The deterministic propagation of the DW irrespective of its chirality into LHR in both states can be understood from potential barrier experienced by the DW at the bifurcation. With zero offset at the bifurcation i.e. in symmetric structure, the DW experiences similar potential barriers along the UHR and LHR. The motion of the DW is determined by the arrangement of the topological edge defects making it chirality dependent^20,21,22. However, when we introduce an offset at the bifurcation, the potential barriers experienced by the DW are different in both directions. As shown in Fig. 2(c), the branch along the UHR deviates with a higher angle (α) at the bifurcation as compared to the branch along the LHR (β) in the asymmetric structure. It shows that DW experiences relatively higher potential barrier along the UHR as compared to the LHR. The steep barrier along UHR constrains the DW motion along the LHR irrespective of its chirality. Micromagnetic simulations²³ were performed to determine the minimum offset required to constrain the DW motion along one of the branches. It was observed that when the offset is below 50 nm, the DW still follows chirality dependent selective switching above which the DW trajectory is constrained and independent of the chirality.

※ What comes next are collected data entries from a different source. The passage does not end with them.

Arguments smul : simpl never.
Arguments sadd : simpl never.
Arguments sopp : simpl never.

Section Opposite.
Variable T : divTOAG.
Local Notation S := (smax T).
Local Notation s1 := (sone T).
Implicit Types x y z : S.

Lemma oppsK : involutive (@sopp T). Proof. by case. Qed.

Lemma oppsD x y : ⊖ (x ⊕ y) = ⊖ x ⊕ ⊖ y.
Proof. by case: x y => [|a|a|a] [|b|b|b]; rewrite /sadd /sopp /=; case_moduli. Qed.

Lemma mulNs x y : ⊖ x ⊗ y = ⊖ (x ⊗ y). Proof. by case: x y => [|a|a|a] [|b|b|b]. Qed.
Lemma mulsN x y : x ⊗ ⊖ y = ⊖ (x ⊗ y). Proof. by rewrite mulsC mulNs mulsC. Qed.
Lemma mulN1s x : ⊖ s1 ⊗ x = ⊖ x. Proof. by rewrite mulNs mul1s. Qed.

Definition ssgn (b : bool) : S := if b then ⊖ s1 else s1.

Lemma ssgnM b c : ssgn b ⊗ ssgn c = ssgn (b (+) c).
Proof. by case: b; case: c; rewrite /ssgn /= ?mul1s ?muls1 // mulNs mul1s oppsK. Qed.

Lemma ssgnpowE k : ssgnpow T k = ssgn (odd k). Proof. by []. Qed.

Lemma sexpS x k : sexp x k.+1 = x ⊗ sexp x k. Proof. by []. Qed.

Lemma sexpD x a b : sexp x (a + b) = sexp x a ⊗ sexp x b.
Proof. by elim: a => [|a IH]; rewrite ?mul1s // addSn !sexpS IH mulsA. Qed.

Lemma sexpMn x y k : sexp (x ⊗ y) k = sexp x k ⊗ sexp y k.
Proof.
elim: k => [|k IH]; first by rewrite mul1s.
by rewrite !sexpS IH -!mulsA (mulsCA y).
Qed.

Lemma sexp1n k : sexp s1 k = s1.
Proof. by elim: k => // k IH; rewrite sexpS IH mul1s. Qed.

Lemma sexp_SPos (g : tog_car T) k : sexp (SPos g) k = SPos (g *+ k).
Proof. by elim: k => // k IH; rewrite sexpS IH /smul /= mulrS. Qed.

Lemma sexpN1 k : sexp (⊖ s1) k = ssgn (odd k).
Proof. by elim: k => // k IH; rewrite sexpS IH -[⊖ s1]/(ssgn true) ssgnM. Qed.

End Opposite.

Section NaturalOrder.
Variable T : divTOAG.
Local Notation S := (smax T).
Local Notation s0 := (@SZero T).
Implicit Types x y z : S.

Lemma spreceq_refl x : x ⪯ x. Proof. by rewrite /spreceq addss. Qed.

Lemma spreceq_trans y x z : x ⪯ y -> y ⪯ z -> x ⪯ z.
Proof. by rewrite /spreceq => h1 h2; rewrite h2 addsA -h1. Qed.

Lemma spreceq_anti x y : x ⪯ y -> y ⪯ x -> x = y.
Proof. by rewrite /spreceq => h1 h2; rewrite h2 {2}h1 addsC. Qed.

Lemma spreceq_addl x y : x ⪯ x ⊕ y. Proof. by rewrite /spreceq addsA addss. Qed.
Lemma spreceq_addr x y : y ⪯ x ⊕ y. Proof. by rewrite addsC; apply: spreceq_addl. Qed.

Lemma spreceq_lub x y z : x ⪯ z -> y ⪯ z -> x ⊕ y ⪯ z.
Proof. by rewrite /spreceq => h1 h2; rewrite -addsA -h2 -h1. Qed.

Lemma spreceq_mul2l z x y : x ⪯ y -> z ⊗ x ⪯ z ⊗ y.
Proof. by rewrite /spreceq => h; rewrite -mulsDr -h. Qed.

Lemma spreceq_big_lub (I : Type) (r : seq I) (P : pred I) (F : I -> S) z :
  (forall i, P i -> F i ⪯ z) -> \big[@sadd T/s0]_(i <- r | P i) F i ⪯ z.
Proof. by move=> h; elim/big_rec: _ => // i x Pi hx; apply: spreceq_lub (h i Pi) hx. Qed.

Lemma spreceq_big_term (I : finType) (P : pred I) (F : I -> S) i :
  P i -> F i ⪯ \big[@sadd T/s0]_(j | P j) F j.
Proof. by move=> Pi; rewrite (bigD1 i) //=; apply: spreceq_addl. Qed.

Lemma spreceq_big_ord m (F : nat -> S) i :
  (i < m)%N -> F i ⪯ \big[@sadd T/s0]_(j < m) F j.
Proof. by move=> im; apply: (spreceq_big_term (fun j : 'I_m => F j) (i := Ordinal im)). Qed.

Lemma muls_sumr (I : Type) (r : seq I) (P : pred I) (F : I -> S) z :
  z ⊗ \big[@sadd T/s0]_(i <- r | P i) F i = \big[@sadd T/s0]_(i <- r | P i) (z ⊗ F i).
Proof. by apply: (big_endo (smul z)); [apply: mulsDr | apply: muls0]. Qed.

End NaturalOrder.

Section Moduli.
Variable T : divTOAG.
Local Notation S := (smax T).
Local Notation s0 := (@SZero T).
Local Notation s1 := (sone T).
Implicit Types a b c d x y z : S.

Definition mod_le x y := (x == s0) || ((y != s0) && (smod x <= smod y)).
Definition mod_lt x y := ~~ mod_le y x.

Lemma mod_ltE x y : mod_lt x y = (y != s0) && ((x == s0) || (smod x < smod y)).
Proof. by rewrite /mod_lt /mod_le negb_or negb_and negbK -ltNge. Qed.

Lemma mod_le_refl x : mod_le x x.
Proof. by rewrite /mod_le lexx andbT orbN. Qed.

Lemma mod_le_trans y x z : mod_le x y -> mod_le y z -> mod_le x z.
Proof.
rewrite /mod_le; case: eqP => //= _ /andP[/negPf-> hxy] /andP[-> hyz] /=.
exact: le_trans hxy hyz.
Qed.

Lemma mod_le_total x y : mod_le x y || mod_le y x.
Proof. by rewrite /mod_le; case: eqP; case: eqP => //= _ _; apply: le_total. Qed.

Lemma mod_le0 x : mod_le x s0 = (x == s0).
Proof. by rewrite /mod_le eqxx orbF. Qed.

Lemma mod_ltW x y : mod_lt x y -> mod_le x y.
Proof. by rewrite /mod_lt; case/orP: (mod_le_total x y) => ->. Qed.

Lemma mod_le_lt_trans y x z : mod_le x y -> mod_lt y z -> mod_lt x z.
Proof. by move=> hxy; apply: contra => hzx; apply: mod_le_trans hzx hxy. Qed.

Lemma mod_lt0s y : mod_lt s0 y = (y != s0).
Proof. by rewrite mod_ltE eqxx andbT. Qed.

Lemma mod_le_oppr x y : mod_le x (⊖ y) = mod_le x y.
Proof. by case: y. Qed.

Lemma mod_le_add x y z : mod_le (x ⊕ y) z = mod_le x z && mod_le y z.
Proof.
by case: x y z => [|a|a|a] [|b|b|b] [|c|c|c]; rewrite /mod_le /sadd /=; case_moduli.
Qed.

Lemma mod_le_addl x y : mod_le x (x ⊕ y).
Proof. by have := mod_le_refl (x ⊕ y); rewrite mod_le_add => /andP[]. Qed.

Lemma mod_le_addr x y : mod_le y (x ⊕ y).
Proof. by rewrite addsC mod_le_addl. Qed.

Lemma mod_lt_add x y z : mod_lt x z -> mod_lt y z -> mod_lt (x ⊕ y) z.
Proof.
move=> hx hy; case/orP: (mod_le_total x y) => h.
  by apply: mod_le_lt_trans hy; rewrite mod_le_add h mod_le_refl.
by apply: mod_le_lt_trans hx; rewrite mod_le_add h mod_le_refl.
Qed.

Lemma mod_lt_neq0 x y : mod_lt x y -> y != s0.
Proof. by rewrite mod_ltE => /andP[]. Qed.

Lemma mod_lt_oppl x y : mod_lt (⊖ x) y = mod_lt x y.
Proof. by rewrite /mod_lt mod_le_oppr. Qed.

Lemma adds_mod_ltl x y : mod_lt x y -> x ⊕ y = y.
Proof. by case: x y => [|a|a|a] [|b|b|b]; rewrite mod_ltE /sadd /=; case_moduli. Qed.

Lemma adds_mod_ltr x y : mod_lt x y -> y ⊕ x = y.
Proof. by rewrite addsC; apply: adds_mod_ltl. Qed.

Lemma adds_mod_lt_eq x y z : mod_lt y z -> x ⊕ y = z -> x = z.
Proof.
move=> hyz e; case: (boolP (mod_le x y)) => hxy.
  by move: hyz; rewrite /mod_lt -e mod_le_add hxy mod_le_refl.
by rewrite -e adds_mod_ltr.
Qed.

Lemma muls_eq0 x y : (x ⊗ y == s0) = (x == s0) || (y == s0).
Proof. by case: x y => [|a|a|a] [|b|b|b]; rewrite /smul. Qed.

Lemma smod_mul x y : x != s0 -> y != s0 -> smod (x ⊗ y) = smod x + smod y.
Proof. by case: x y => [|a|a|a] [|b|b|b]; rewrite /smul. Qed.

Lemma mod_le_lt_mul a b c d :
  b != s0 -> mod_le a b -> mod_lt c d -> mod_lt (a ⊗ c) (b ⊗ d).
Proof.
move=> nb hab hcd; have nd := mod_lt_neq0 hcd.
rewrite mod_ltE muls_eq0 negb_or nb nd /=.
case: (eqVneq a s0) => [-> //|na]; case: (eqVneq c s0) => [->|nc]; first by rewrite muls0 eqxx.
move: hab hcd; rewrite /mod_le mod_ltE (negPf na) (negPf nc) /= => /andP[_ hab] /andP[_ hcd].
by rewrite muls_eq0 (negPf na) (negPf nc) !smod_mul // tog_le_ltD.
Qed.

Definition eq_or_mod_lt a b := (a == b) || mod_lt a b.
(* [a] vanishes from [a ⊕ b] whatever sign it carries, which is what allows
   comparing determinant terms of permutations of different parities. *)
Definition negligible a b := (a == s0) || mod_lt a b.

Lemma eq_or_mod_lt_mul a b c d :
  eq_or_mod_lt a b -> eq_or_mod_lt c d -> eq_or_mod_lt (a ⊗ c) (b ⊗ d).
Proof.
rewrite /eq_or_mod_lt => /orP[/eqP<-|hab] /orP[/eqP<-|hcd]; first by rewrite eqxx.
- case: (eqVneq a s0) => [->|na]; first by rewrite !mul0s eqxx.
  by rewrite mod_le_lt_mul ?mod_le_refl ?orbT.
- case: (eqVneq c s0) => [->|nc]; first by rewrite !muls0 eqxx.
  by rewrite mulsC (mulsC b) mod_le_lt_mul ?mod_le_refl ?orbT.
- by rewrite mod_le_lt_mul ?mod_ltW ?orbT ?(mod_lt_neq0 hab).
Qed.

Lemma negligible_mul a b c d :
  negligible a b -> eq_or_mod_lt c d -> negligible (a ⊗ c) (b ⊗ d).
Proof.
rewrite /negligible => /orP[/eqP->|hab]; first by rewrite mul0s eqxx.
case/orP => [/eqP<-|hcd].
  case: (eqVneq c s0) => [->|nc]; first by rewrite muls0 eqxx.
  by rewrite mulsC (mulsC b) mod_le_lt_mul ?mod_le_refl ?orbT.
by rewrite mod_le_lt_mul ?mod_ltW ?orbT ?(mod_lt_neq0 hab).
Qed.

Lemma eq_or_mod_lt_prod (I : Type) (r : seq I) (P : pred I) (F H : I -> S) :
  (forall i, P i -> eq_or_mod_lt (F i) (H i)) ->
  eq_or_mod_lt (\big[@smul T/s1]_(i <- r | P i) F i) (\big[@smul T/s1]_(i <- r | P i) H i).
Proof.
move=> h; elim/big_rec2: _ => [|i x y Pi hxy]; first by rewrite /eq_or_mod_lt eqxx.
exact: eq_or_mod_lt_mul (h i Pi) hxy.
Qed.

As the DW motion is constrained along one branch due to asymmetry, we need an additional control to perform the logic operation. We have explored the transverse magnetic charge distribution of a transverse DW to impose the additional control. The vertical nanowire placed at the bifurcation helps in the DW transformation from the vortex to transverse configuration. The DW transformation at the intersection of vertical and horizontal nanowires was also studied by micromagnetic simulations and MFM imaging. Figure 3 shows the DW transformation from the head-to-head clockwise vortex DW to transverse DW (TDW) with a down chirality. Our results reveal that vortex DW irrespective of its initial chirality (clock wise or anti-clockwise) turns into transverse DW configuration and the chirality of the transverse DW is defined by the magnetization orientation (±y) of the transverse nanowire²⁴. The TDW assumes a characteristic triangular shape which gives rise to a transversely varying magnetic charge concentration. The base of the triangular spin structure always has higher charge component²⁵. The charge distribution of transverse DW depends on the orientation of the magnetic moment at the wall. Head-to-head TDW (HH-DW) possesses a positive magnetic charge while tail-to-tail TDW (TT-DW) possesses a negative magnetic charge, respectively²⁵.

The magnetic gate patterned at the upper edge of the horizontal nanowire influences the DW motion into the half ring depending on the polarity and the charge distribution of TDW. The Oersted field distribution around the magnetic gate is estimated by COMSOL simulation²⁶. Shown in Fig. 4(a) is simulated model in which the magnetic gate is overlapped with only 25% of the nanowire width. The transverse magnetic field distribution in the NiFe due to the current is shown in Fig. 4(b). It shows that the top edge of the NiFe which is directly beneath the Au pad experiences a higher magnetic field compared to the bottom edge of the NiFe which is away from the Au pad. The strength of magnetic field generated by current is plotted as a function of position along the NiFe in Fig. 4(c). The field strength is estimated to be ~110 Gauss beneath the Au pad while it is ~10 Gauss at the bottom edge. The local Oersted field interacts with the magnetic charge of the TDW and influences the motion of TDW having higher charge concentration along the upper edge. This dual control of selective motion of the TDW allows the device to perform programmable logic operation within a single structure. By simply changing the direction of the local Oersted field, two universal logic gate operations can be obtained.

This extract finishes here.